You can combine exact and "nearest" selections by using two `.sel()` operations:

In [None]:
ndvi.sel(time='2019-10-13', method='nearest').sel(y=slice(1182500, 1180500))

You can combine multiple keywords in one statement:

In [None]:
ndvi.sel(x=2578000, time='2019-08-12', method='nearest')

<span class='dothis'>Now try out some different dates and x/y coordinates, with and without the `method='nearest'`, and a `slice(<date-start>, <date-end>)` operation.</span>

In [None]:
# Put your code here:


<hr style="border-top:8px solid black" />

## Saving a time series to a CSV file

CSV files are 'comma-separated-value' files that can be opened in Excel and many other analysis packages.

Let's export a time series of NDVI from a small part of Fribourg that we have loaded.

In [None]:
ndvi_thru_time = ndvi.sel(x=point_x, y=point_y, method='nearest')

Next we check that we have only a single dimension, in this case time. (Otherwise the export won't work!

In [None]:
ndvi_thru_time

We convert the data to a Pandas DataFrame:

In [None]:
ndvi_thru_time_pd = ndvi_thru_time.to_dataframe()

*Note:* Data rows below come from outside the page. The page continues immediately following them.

Lemma incr_nonexpanding_mob : incr_nonexpanding (mob T p q).
Proof.
  split.
  - intros t t_in; pose proof (mob_lt1 t t_in).
    split; [|lra]; unfold mob, Rdiv; apply Rmult_le_pos; [nra|apply Rlt_le, Rinv_0_lt_compat; nra].
  - intros u v u_ge0 lt_uv v_le1.
    assert (0 < q + T * u) by nra; assert (0 < q + T * v) by nra.
    assert (D_pos : 0 < (q + T * u) * (q + T * v)) by nra.
    replace (mob T p q v - mob T p q u) with (p * q * (v - u) / ((q + T * u) * (q + T * v)))
      by (unfold mob; field; nra).
    assert (0 < p * q) by nra.
    split; [apply Rdiv_lt_0_compat; nra|].
    assert (p * q <= (q + T * u) * (q + T * v)).
    { assert (0 <= T * u) by nra; assert (0 <= T * v) by nra; nra. }
    unfold Rdiv; apply (Rmult_le_reg_r ((q + T * u) * (q + T * v))); [assumption|].
    rewrite Rmult_assoc, Rinv_l, Rmult_1_r; nra.
Qed.

End Mobius.

Lemma ptof_inj x y i : ptof x i = ptof y i -> x = y.
Proof. destruct i; unfold ptof; simpl; intro E; injection E; lra. Qed.

Lemma switch_below d i x : 0 <= x <= 1 -> x <= d i -> switch d (ptof x i) (nxt i).
Proof.
  intros x_in le; exists i, x; split; [assumption|split; [reflexivity|]].
  destruct le as [lt|eq]; [left|right; right]; auto.
Qed.

Lemma switch_above d i x : 0 <= x <= 1 -> d i <= x -> switch d (ptof x i) (nxt (nxt i)).
Proof.
  intros x_in le; exists i, x; split; [assumption|split; [reflexivity|]].
  destruct le as [lt|eq]; right; [left|right]; auto with real.
Qed.

Section FaceMaps.

Variables r1 r2 r3 : R.
Hypotheses (h1 : 0 < r1 < 1) (h2 : 0 < r2 < 1) (h3 : 0 < r3 < 1) (hsum : r1 + r2 + r3 > 1).

Let T_pos : 0 < theta r1 r2 r3.
Proof. unfold theta; lra. Qed.

Ltac face_map_compute q t :=
  assert (0 < q + theta r1 r2 r3 * t) by nra;
  unfold fj, ptof, mob, padd, pscale, e, coord, rho, theta in *; simpl;
  f_equal; field; lra.

Lemma fj_A1_A2 u : 0 <= u <= 1 ->
  fj r1 r2 r3 i2 (ptof u i1) = ptof (mob (theta r1 r2 r3) r1 (1 - r2) (1 - u)) i2.
Proof. intro; face_map_compute (1 - r2) (1 - u). Qed.

Lemma fj_A1_A3 u : 0 <= u <= 1 ->
  fj r1 r2 r3 i3 (ptof u i1) = ptof (1 - mob (theta r1 r2 r3) r1 (1 - r3) u) i3.
Proof. intro; face_map_compute (1 - r3) u. Qed.

Lemma fj_A2_A1 v : 0 <= v <= 1 ->
  fj r1 r2 r3 i1 (ptof v i2) = ptof (1 - mob (theta r1 r2 r3) r2 (1 - r1) v) i1.
Proof. intro; face_map_compute (1 - r1) v. Qed.

Lemma fj_A3_A1 v : 0 <= v <= 1 ->
  fj r1 r2 r3 i1 (ptof v i3) = ptof (mob (theta r1 r2 r3) r3 (1 - r1) (1 - v)) i1.
Proof. intro; face_map_compute (1 - r1) (1 - v). Qed.

End FaceMaps.

Lemma iter_backward_orbit (g : R -> R) (y : nat -> R) : (forall k, y k = g (y (S k))) ->
  forall n k, Nat.iter n g (y (n + k)%nat) = y k.
Proof.
  intros y_step n; induction n as [|n IH]; intro k; [reflexivity|].
  rewrite Nat.iter_succ, Nat.add_succ_comm, IH; symmetry; apply y_step.
Qed.

Lemma injective_not_in_list {A : Type} (f : nat -> A) (l : list A) :
  (forall m n, f m = f n -> m = n) -> ~ (forall k, In (f k) l).
Proof.
  intros f_inj f_in.
  set (l' := map f (seq 0 (S (length l)))).
  assert (l'_nodup : NoDup l') by (apply Injective_map_NoDup; [exact f_inj|apply seq_NoDup]).
  assert (l'_incl : incl l' l).
  { intros z z_in; apply in_map_iff in z_in as [k [<- _]]; apply f_in. }
  pose proof (NoDup_incl_length l'_nodup l'_incl) as le.
  unfold l' in le; rewrite length_map, length_seq in le; lia.
Qed.

Lemma preimage_of_half_steps r1 r2 r3 d (P M : R -> pt) (g : R -> R) :
  (forall u, 0 <= u <= 1 -> 0 <= g u <= 1) ->
  (forall u, 0 <= u <= 1 -> phi r1 r2 r3 d (P u) (M u)) ->
  (forall u, 0 <= u <= 1 -> phi r1 r2 r3 d (M u) (P (g u))) ->
  forall u n, 0 <= u <= 1 -> (1 <= n)%nat -> preimage r1 r2 r3 d (P u) (P (Nat.iter n g u)).
Proof.
  intros g_range to_M from_M u n u_in n_pos.
  assert (orbit_in : forall k, 0 <= Nat.iter k g u <= 1).
  { induction k as [|k IH]; [exact u_in|now apply g_range]. }
  set (traj t := if Nat.even t then P (Nat.iter (Nat.div2 t) g u)
                 else M (Nat.iter (Nat.div2 t) g u)).
  assert (traj_even : forall k, traj (2 * k)%nat = P (Nat.iter k g u)).
  { intro k; unfold traj; now rewrite Nat.even_even, Nat.div2_double. }
  assert (traj_odd : forall k, traj (S (2 * k)) = M (Nat.iter k g u)).
  { intro k; unfold traj; replace (S (2 * k)) with (2 * k + 1)%nat by lia.
    rewrite Nat.even_odd, Nat.add_1_r, Nat.div2_succ_double; reflexivity. }
  exists traj; split; [|split].
  - intro t; destruct (Nat.Even_or_Odd t) as [[k ->]|[k ->]].
    + rewrite traj_even, traj_odd; apply to_M, orbit_in.
    + rewrite Nat.add_1_r, traj_odd.
      replace (S (S (2 * k))) with (2 * S k)%nat by lia.
      rewrite traj_even, Nat.iter_succ; apply from_M, orbit_in.
  - exact (traj_even 0%nat).
  - exists (2 * n)%nat; split; [lia|apply traj_even].
Qed.

Section ReturnMap.

Variables r1 r2 r3 : R.
Hypotheses (h1 : 0 < r1 < 1) (h2 : 0 < r2 < 1) (h3 : 0 < r3 < 1) (hsum : r1 + r2 + r3 > 1).
Hypotheses (h12 : r1 + r2 <= 1) (h13 : r1 + r3 <= 1).

Local Notation T := (theta r1 r2 r3).

Let T_pos : 0 < T.
Proof. unfold theta; lra. Qed.

(* Coordinates of the images of [(u, 1)] under [f_2] and [f_3]. *)
Definition via_A2 (u : R) : R := mob T r1 (1 - r2) (1 - u).
Definition via_A3 (u : R) : R := 1 - mob T r1 (1 - r3) u.

(* The first-return maps to A_1^0 through A_2^0 (by f_2 then f_1) and through
   A_3^0 (by f_3 then f_1). *)
Definition return_a (u : R) : R := 1 - mob T r2 (1 - r1) (mob T r1 (1 - r2) (1 - u)).
Definition return_b (u : R) : R := mob T r3 (1 - r1) (mob T r1 (1 - r3) u).

Lemma return_a_ok : incr_nonexpanding return_a.
Proof.
  apply (incr_nonexpanding_reflect (fun x => mob T r2 (1 - r1) (mob T r1 (1 - r2) x))).
  apply (incr_nonexpanding_comp (mob T r2 (1 - r1)) (mob T r1 (1 - r2)));
    apply incr_nonexpanding_mob; lra.
Qed.

Lemma return_b_ok : incr_nonexpanding return_b.
Proof.
  apply (incr_nonexpanding_comp (mob T r3 (1 - r1)) (mob T r1 (1 - r3)));
    apply incr_nonexpanding_mob; lra.
Qed.

(* Since [1 - r1 + theta = r2 + r3], [mob T r2 (1 - r1) 1 + mob T r3 (1 - r1) 1 = 1];
   the inequality is strict because [mob T r1 (1 - r2) 1 < 1]. *)
Lemma return_gap : return_b 1 < return_a 0.
Proof.
  unfold return_a, return_b; rewrite Rminus_0_r.
  assert (m1 : 0 <= mob T r1 (1 - r2) 1 < 1).
  { split; [apply (incr_nonexpanding_mob T r1 (1 - r2)); lra|apply mob_lt1; lra]. }
  assert (m1' : 0 <= mob T r1 (1 - r3) 1 <= 1)
    by (apply (incr_nonexpanding_mob T r1 (1 - r3)); lra).
  assert (mob T r2 (1 - r1) (mob T r1 (1 - r2) 1) < mob T r2 (1 - r1) 1)
    by (apply (incr_nonexpanding_lt _ (incr_nonexpanding_mob T r2 (1 - r1) T_pos ltac:(lra))); lra).
  assert (mob T r3 (1 - r1) (mob T r1 (1 - r3) 1) <= mob T r3 (1 - r1) 1)
    by (apply (incr_nonexpanding_le _ (incr_nonexpanding_mob T r3 (1 - r1) T_pos ltac:(lra))); lra).
  assert (mob T r2 (1 - r1) 1 + mob T r3 (1 - r1) 1 = 1) by (unfold mob, theta; field; lra).
  lra.
Qed.

Lemma via_A2_range u : 0 <= u <= 1 -> 0 <= via_A2 u <= 1.
Proof. intro; apply (incr_nonexpanding_mob T r1 (1 - r2)); lra. Qed.

Lemma via_A3_range u : 0 <= u <= 1 -> 0 <= via_A3 u <= 1.
Proof.
  intro; unfold via_A3.
  pose proof (incr_nonexpanding_range _ (incr_nonexpanding_mob T r1 (1 - r3) T_pos ltac:(lra)) u).
  lra.
Qed.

Let's take a look at it. Note that it looks very similar to an xarray DataArray - it just does not have spatial coordinates any more.

In [None]:
ndvi_thru_time_pd

Now we save to Comma Separated Values (CSV) file. There are more options possible to reduce the time-series e.g. to daily values (see next notebook for the details). Before saving the file to CSV, we calculate the mean daily values, and remove rows with no data. This will make it easier later on for plotting in your preferred plotting software (python, R, Excel).

In [None]:
# Resample and calculate daily mean for all variables
ndvi_thru_time_daily_pd = ndvi_thru_time_pd.resample('1D').mean()

# remove all rows without values
ndvi_thru_time_daily_clean_pd = ndvi_thru_time_daily_pd.dropna()

# Save including empty rows
ndvi_thru_time_pd.to_csv('ndvi_over_fribourg.csv')
# Save after removing NA values
ndvi_thru_time_daily_clean_pd.to_csv('ndvi_daily_clean_over_fribourg.csv')

You can now download the file that was made and open it in Excel or some other analysis software.